A chicken and egg mystery or a tale of the British Raj.

The tiny, Indian village of Door lies in the hills, near Ootacamund.

It’s now a place trekkers pass through without hardly giving it a glance, their eyes firmly set on reaching the town of Ootacamund, once a summer bastion of the British Raj. It was there in, “Snooty Ooty,” that pink-faced civil servants ruled India away from the scorching heat of the plains. Over the years, their presence transformed Ooty into a bizarre version of Surrey.

Door remained, as it was, an Indian village of little distinction, clinging to a terraced hillside that is now covered in tea plantations.

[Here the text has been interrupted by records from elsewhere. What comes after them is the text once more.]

Lemma st_nbr_layer_final k v i (Q : pred nat) : color_start <= k ->
  st_nbr (st k v) i && Q (st_nbr_layer (st k v) i) =
  [exists u, (e v u && Q (final_layer u)) && (id u == i)].
Proof.
case: k => // k; rewrite ltnS => L_le_k; rewrite run_succ /=.
have -> : isSome (inbox k v i) && Q (if inbox k v i is Some t then st_layer t else 0) =
    if inbox k v i is Some t then Q (st_layer t) else false by case: (inbox k v i).
by rewrite inbox_match; apply: eq_existsb => u; rewrite layer_final.
Qed.

Lemma count_upper_nbr_ids v (P : pred nat) :
  (forall i, P i -> exists2 u, e v u && (final_layer v <= final_layer u) & id u = i) ->
  count P (iota 0 id_bound) <= deg_cap.
Proof.
move=> P_upper; apply: leq_trans (card_upper_nbrs v); rewrite -count_ids.
by apply: sub_count => i /P_upper [u up_u <-]; apply/existsP; exists u; rewrite up_u eqxx.
Qed.

Lemma id_bound_le : id_bound <= 2 ^ id_bits.
Proof.
rewrite /id_bound /id_bits mulnC expnM; case: c => // c'.
by rewrite leq_exp2r // ltnW // trunc_log_ltn.
Qed.

Lemma nbr_first_diff_bit v u : e v u ->
  first_diff_bit id_bits (id v) (id u) < id_bits /\
  bit (id v) (first_diff_bit id_bits (id v) (id u))
    != bit (id u) (first_diff_bit id_bits (id v) (id u)).
Proof.
move=> evu; apply: first_diff_bitP; rewrite ?(leq_trans (id_lt _) id_bound_le) //.
by apply: contraTneq evu => /id_inj ->; case: e_simple => _ ->.
Qed.

Definition offer s v := offer_target s (st color_start v).
Lemma sqnormZ a u : sqnorm (a *: u) = a ^+ 2 * sqnorm u.
Proof. by rewrite /sqnorm dotvZl dotvZr mulrA -expr2. Qed.

Lemma sqnormN u : sqnorm (- u) = sqnorm u.
Proof. by rewrite -scaleN1r sqnormZ sqrrN expr1n mul1r. Qed.

Lemma enorm_ge0 u : 0 <= enorm u.
Proof. exact: sqrtr_ge0. Qed.

Lemma enorm_sqr u : enorm u ^+ 2 = sqnorm u.
Proof. by rewrite sqr_sqrtr // sqnorm_ge0. Qed.

Lemma enormZ a u : enorm (a *: u) = `|a| * enorm u.
Proof. by rewrite /enorm sqnormZ sqrtrM ?sqr_ge0 // sqrtr_sqr. Qed.

Lemma enorm_eq0 u : enorm u = 0 -> u = 0.
Proof. by move=> u0; apply: sqnorm_eq0; rewrite -enorm_sqr u0 expr0n. Qed.

Lemma dotv_le_enorm u v : dotv u v <= enorm u * enorm v.
Proof.
have [/eqP|uv0] := eqVneq (enorm u * enorm v) 0.
  by rewrite mulf_eq0 => /orP[] /eqP/enorm_eq0 ->; rewrite ?dotv0l ?dotv0r mulr_ge0 ?enorm_ge0.
have uv_gt0 : 0 < enorm u * enorm v by rewrite lt_def uv0 mulr_ge0 ?enorm_ge0.
rewrite -(ler_pM2l uv_gt0) -expr2.
have := sqnorm_ge0 (enorm v *: u - enorm u *: v).
rewrite sqnormD sqnormN !sqnormZ dotvNr dotvZl dotvZr -!enorm_sqr exprMn; nra.
Qed.

Lemma sqnorm_segment a e u :
  sqnorm (e + a *: u) = (1 - a) * sqnorm e + a * sqnorm (e + u) - a * (1 - a) * sqnorm u.
Proof. by rewrite !sqnormD sqnormZ dotvZr; ring. Qed.

Lemma sqnorm_shift a e u c :
  sqnorm (e + a *: c) =
  sqnorm (e + a *: u) + 2 * a * dotv (e + a *: u) (c - u) + a ^+ 2 * sqnorm (c - u).
Proof.
have -> : e + a *: c = (e + a *: u) + a *: (c - u) by rewrite scalerBr addrA addrAC addrK.
by rewrite sqnormD sqnormZ dotvZr mulrA.
Qed.

End Euclidean.

Section Differential.
Variables (R : realType) (d : nat).
Local Notation V := 'rV[R]_d.
Implicit Types (f : V -> R) (v x y z : V).

Lemma dotv_grad f x v : dotv (grad f x) v = 'd f x v.
Proof.
rewrite [in RHS](row_sum_delta v) linear_sum; apply: eq_bigr => j _.
by rewrite mxE linearZ /= mulrC.
Qed.

Lemma is_derive_line f x v t : differentiable f (x + t *: v) ->
  is_derive t 1 (fun s : R => f (x + s *: v)) (dotv (grad f (x + t *: v)) v).
Proof.
move=> df; rewrite dotv_grad.
have quotE : (fun h : R => h^-1 *: (((fun s => f (x + s *: v)) \o shift t) (h *: 1)
                                    - f (x + t *: v)))
           = (fun h : R => h^-1 *: ((f \o shift (x + t *: v)) (h *: v) - f (x + t *: v))).
  apply/funext => h /=; rewrite /shift /= [_%:A]mulr1 scalerDl.
  by rewrite addrCA addrA [x + _]addrC.
apply: DeriveDef; first by rewrite /derivable quotE; exact: diff_derivable.
by rewrite /derive quotE -deriveE.
Qed.

Lemma convex_grad_le f y z : convex_fun f -> differentiable f y ->
  f y + dotv (grad f y) (z - y) <= f z.
Proof.
move=> cf df; rewrite dotv_grad -deriveE // -lerBrDl.
set q := fun h : R => h^-1 *: ((f \o shift y) (h *: (z - y)) - f y).
have q_cvg : q @ 0^'+ --> 'D_(z - y) f y.
  move=> A /(diff_derivable df) /nbhs_ballP [_ /posnumP[e] eA].
  by exists e%:num => //= h ? /lt0r_neq0 ?; apply: eA.
apply: (cvgr_to_le q_cvg); near=> h.
have h_gt0 : 0 < h by near: h; exact: nbhs_right_gt.
have h_lt1 : h < 1 by near: h; exact: nbhs_right_lt.
rewrite /q /= -[_ *: _]/(_ * _) ler_pdivrMl //.
have := cf z y h; rewrite (ltW h_gt0) (ltW h_lt1) => /(_ isT).
have -> : h *: z + (1 - h) *: y = h *: (z - y) + y.
  by rewrite scalerBr scalerBl scale1r addrA addrAC.
lra.
Unshelve. all: by end_near.
Qed.

Lemma bregman_ge0 f x y : convex_fun f -> differentiable f y -> 0 <= bregman f x y.
Proof. by move=> cf df; have := convex_grad_le x cf df; rewrite /bregman; lra. Qed.

Lemma smooth_descent f L x z : smooth L f ->
  f z <= f x + dotv (grad f x) (z - x) + L / 2 * sqnorm (z - x).
Proof.
move=> [df fL]; set v := z - x; set s := sqnorm v; set c := dotv (grad f x) v.
pose g t := f (x + t *: v) - (c * t + L / 2 * s * (t * t)).
have dg (t : R) : is_derive t (1 : R) g (dotv (grad f (x + t *: v)) v - (c + L * s * t)).
  apply: is_deriveB; first exact: is_derive_line.
  apply: (is_derive_eq (is_deriveD (is_deriveZ c (is_derive_id t 1))
    (is_deriveZ (L / 2 * s) (is_deriveM (is_derive_id t 1) (is_derive_id t 1))))).
  by rewrite ![_%:A]mulr1 /= -[_ *: _]/(_ * _); field.
have : g 1 <= g 0.
  apply: (@ler0_derive1_le_cc _ g 0 1); try by rewrite ?in_itv /= ?lexx ?ler01.
  - move=> t /[!in_itv] /= /andP[t_gt0 _]; rewrite derive1E derive_val.
    rewrite subr_le0 -lerBlDl /c -dotvBl.
    apply: (le_trans (dotv_le_enorm _ _)).
    apply: (le_trans (ler_wpM2r (enorm_ge0 _) (fL _ _))).
    rewrite addrC addKr enormZ (ger0_norm (ltW t_gt0)) -!mulrA -expr2 enorm_sqr.
    by rewrite [t * s]mulrC mulrA.
  - by apply: derivable_within_continuous => t _; case: (dg t).
rewrite /g; have -> : x + 1 *: v = z by rewrite scale1r addrC subrK.
rewrite scale0r addr0 !(mulr1, mulr0, addr0, subr0); lra.
Qed.

Lemma smooth_bregman_ge f L x y z : convex_fun f -> smooth L f ->
  dotv (grad f x - grad f y) (x - z) - L / 2 * sqnorm (z - x) <= bregman f x y.
Proof.
move=> cf sm; have := convex_grad_le z cf (sm.1 y); have := smooth_descent x z sm.
(* with the gradients abstracted, lra does not try to unfold them *)
rewrite /bregman; move: (grad f x) (grad f y) => gx gy.
have : dotv gy (z - y) = dotv gy (z - x) + dotv gy (x - y).
  by rewrite -dotvDr addrA subrK.
rewrite -(opprB z x) dotvNr dotvBl; lra.
Qed.

Lemma smooth_sqnorm_grad_le f L x y : convex_fun f -> smooth L f ->
  sqnorm (grad f x - grad f y) <= 2 * L * bregman f x y.
Proof.
move=> cf sm; have [L_gt0|L_le0] := ltrP 0 L.
  have := smooth_bregman_ge x y (x - L^-1 *: (grad f x - grad f y)) cf sm.
  move: (grad f x - grad f y) (bregman f x y) => g D.
  have -> : x - L^-1 *: g - x = - (L^-1 *: g) by rewrite addrAC subrr add0r.
  rewrite subKr sqnormN sqnormZ dotvZr -/(sqnorm g).
  (* z = x - g / L maximises the lower bound, where it equals ||g||^2 / (2 L) *)
  have -> : L^-1 * sqnorm g - L / 2 * (L^-1 ^+ 2 * sqnorm g) = sqnorm g / (2 * L).
    by field; exact: lt0r_neq0.
  by rewrite ler_pdivrMr ?mulr_gt0 // mulrC.
have g0 : enorm (grad f x - grad f y) = 0.
  apply/le_anti; rewrite enorm_ge0 andbT.
  by apply: (le_trans (sm.2 x y)); rewrite mulr_le0_ge0 ?enorm_ge0.
have D0 : bregman f x y = 0.
  apply/le_anti; rewrite bregman_ge0 ?andbT //; last exact: sm.1.
  have := smooth_descent y x sm; rewrite /bregman.
  have : L / 2 * sqnorm (x - y) <= 0.
    by rewrite mulr_le0_ge0 ?sqnorm_ge0 // mulr_le0_ge0 // invr_ge0 ler0n.
  lra.
by rewrite -enorm_sqr g0 D0 mulr0 expr0n.
Qed.

Lemma bregman_scale_sum n (F : 'I_n -> V -> R) c x y :
  (forall i, differentiable (F i) y) ->
  bregman (fun z => c * \sum_(i < n) F i z) x y = c * \sum_(i < n) bregman (F i) x y.
Proof.
move=> dF; have -> : (fun z => c * \sum_(i < n) F i z) = c *: \sum_(i < n) F i.
  by apply/funext => z; rewrite fct_sumE.
have dS : differentiable (\sum_(i < n) F i) y := differentiable_sum dF.
rewrite /bregman dotv_grad -deriveE; last exact: differentiableZ.
rewrite deriveZ ?derive_sum; [|by move=> i; exact: diff_derivable|exact: diff_derivable].
rewrite !fct_sumE /= -!mulrBr -!sumrB; congr (_ * _); apply: eq_bigr => i _.
by rewrite dotv_grad deriveE.
Qed.

End Differential.

Lemma integral_scale_sum (dT : measure_display) (T : measurableType dT) (R : realType)
    (mu : {measure set T -> \bar R}) n (X : 'I_n -> T -> R) (c : R) :
  (forall i, mu.-integrable setT (fun w => (X i w)%:E)) ->
  (\int[mu]_w (c * \sum_(i < n) X i w)%:E = c%:E * \sum_(i < n) \int[mu]_w (X i w)%:E)%E.
Proof.
move=> Xint; under eq_integral do rewrite EFinM -sumEFin.
rewrite integralZl //; last exact: integrable_sum.
by rewrite integral_sum.
Qed.

Lemma integral_cst_probability (dT : measure_display) (T : measurableType dT)
    (R : realType) (P : probability T R) (a : R) :
  (\int[P]_w a%:E = a%:E)%E.
Proof. by rewrite integral_cst //= probability_setT mule1. Qed.

Section Compressor.
Variables (R : realType) (d : nat) (dO : measure_display) (Omega : measurableType dO).
Variables (P : probability Omega R) (omega : R) (C : Omega -> 'rV[R]_d -> 'rV[R]_d).
Hypothesis CB : in_B P omega C.
Local Notation V := 'rV[R]_d.
Implicit Types (b : R) (e u v : V).

Lemma in_B_weighted_sqnorm_ge0 v : 0 <= omega * sqnorm v.
Proof.
rewrite -lee_fin; apply: le_trans (CB v).2.
by apply: integral_ge0 => w _; rewrite lee_fin sqnorm_ge0.
Qed.

Lemma in_B_integrable_coord_dev u j :
  P.-integrable setT (fun w => (C w u ord0 j)%:E - (u ord0 j)%:E)%E.
Proof.
apply: (integrableB measurableT ((CB u).1 j).1).
exact: finite_measure_integrable_cst.
Qed.

Lemma in_B_integral_coord_dev u j : (\int[P]_w ((C w u ord0 j)%:E - (u ord0 j)%:E) = 0)%E.
Proof.
rewrite integralB_EFin //; last 2 first.
- exact: ((CB u).1 j).1.
- exact: finite_measure_integrable_cst.
by rewrite ((CB u).1 j).2 integral_cst_probability subee.
Qed.

Lemma EFin_dotv_dev v u w : (dotv v (C w u - u))%:E =
  (\sum_(j < d) (v ord0 j)%:E * ((C w u ord0 j)%:E - (u ord0 j)%:E))%E.
Proof. by rewrite /dotv -sumEFin; apply: eq_bigr => j _; rewrite !mxE EFinM EFinB. Qed.

Lemma in_B_integrable_dotv_dev v u :
  P.-integrable setT (fun w => (dotv v (C w u - u))%:E).
Proof.
under eq_fun do rewrite EFin_dotv_dev.
apply: (integrable_sum measurableT) => j _.
exact/(integrableZl measurableT)/in_B_integrable_coord_dev.
Qed.

Lemma in_B_integral_dotv_dev v u : (\int[P]_w (dotv v (C w u - u))%:E = 0)%E.
Proof.
under eq_integral do rewrite EFin_dotv_dev.
rewrite integral_sum //; last first.
  by move=> j; exact/(integrableZl measurableT)/in_B_integrable_coord_dev.
apply: big1 => j _; rewrite integralZl //; last exact: in_B_integrable_coord_dev.
by rewrite in_B_integral_coord_dev mule0.
Qed.

Lemma in_B_integrable_sqnorm_dev u :
  P.-integrable setT (fun w => (sqnorm (C w u - u))%:E).
Proof.
apply/integrableP; split.
  apply/measurable_realfun.measurable_EFinP; rewrite /sqnorm /dotv.
  apply: measurable_sum => j; under eq_fun do rewrite !mxE.
  have mCj : measurable_fun setT (fun w => C w u ord0 j).
    by apply/measurable_realfun.measurable_EFinP; exact: measurable_int ((CB u).1 j).1.
  have mdev := measurable_realfun.measurable_funB mCj (measurable_cst (u ord0 j)).
  exact: (measurable_realfun.measurable_funM mdev mdev).
under eq_integral do rewrite abse_EFin ger0_norm ?sqnorm_ge0 //.
exact: le_lt_trans (CB u).2 (ltry _).
Qed.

There is little now for the uneducated eye to see except for those inquisitive enough to venture off the beaten track, into huge areas overgrown with Rhododendron bushes, an interior now almost impenetrable, it’s fringes used as a toilet by passing trekkers suffering from Delhi belly and its embarrassingly dramatic evacuations. The bushes have more or less taken over but a sharp eye can see, in some of their branches, the rusted and frayed remains of wire mesh that hangs like spiders webs here and there.

It was this site that gave to the tiny village of Door its great reputation in the late 19th century, greater even than Snooty Ooty. There are anthropologists and historians who claim that Ooty was built on Doors’ singular claim to fame.

Long before the British arrived in India, Door had acquired a reputation for breeding fowls. How this first came about is lost in folklore but all Indian villages and many Indian families breed hens so, in that sense, the good Hindus of Door were no exceptions.

Over the years however, for reasons that may partly be due to altitude or climate or simply the random nature of genetics, people began to notice that the hens of Door were slightly bigger than average.

It was a British army veterinary surgeon that began to take an interest in the phenomenon. Amongst his many interests he collected butterflies and when his busy duties allowed, he’d vanish off up the hills towards Door in search of rare specimens. Sometimes, carried away by his endeavours and exhausted by the thrill of the chase, he’d stay overnight in a ramshackle lodge that called itself, the Hotel Lux. A hand-painted sign over the front door announced that the establishment served, “Lunches, Dinners and Snakes.”

In a place known for the  fine quality of its laying hens, breakfast was invariably an omelette. When he started eating there, he’d asked how many eggs were in the omelette. A flash of betel stained teeth and a wiggle of the head followed by the raising of three fingers, provided him with his answer.

Over the years this changed. His little joke about how many eggs, now asked in the local dialect, elicited the answer of, two and then one, although curiously, the size of the omelette remained the same.

Early one morning, he woke up shivering from the cold in a damp pre-dawn light and decided to go down to the kitchen to see if the “Chai-wallah,” had any tea to offer. There, on the table were three of the largest eggs he’d ever seen.

Those eggs were to make his reputation, give him a supplementary pension and transform the economy of Door for many years.

What he’d stumbled across was that the hens of Door had begun to blossom into  beasts that would become known as the “Door King Chicken.” Sadly, the sun only rose over Doors chicken industry for less than a decade. Attempts to breed the Door King in other parts of India failed dismally and the breed quickly died out. A faded sepia photograph from the period shows the Door King to be about the same size as a brown Labrador or a large turkey. Its demise would probably have been brought about by genetic factors in the end. Things can’t simply keep getting bigger. In the case of the Door King, it was something much simpler. The breed became easy prey for predators. It was quite simple. The fact was, that its legs failed to grow at the same pace as its body which made it unable to escape any attack. Bizarrely, this was sometimes of a sexual nature and the loss of a hundred or more of the valuable birds was hushed up when they were crushed as the British High Commisioner’s brown labrador escaped from its compound in Ootacamund and attempted to mate with them.

The loss of the Door King Chicken meant that the village to which it owes its name fell into decline and became a place for travellers to pass through on their way to the sedate, geraniumed delights of Snooty Ooty.

What is odd is that the hens of Door are now much smaller and should a traveller stay overnight in the village, they will find that the tiny omelette they receive for breakfast will contain six eggs.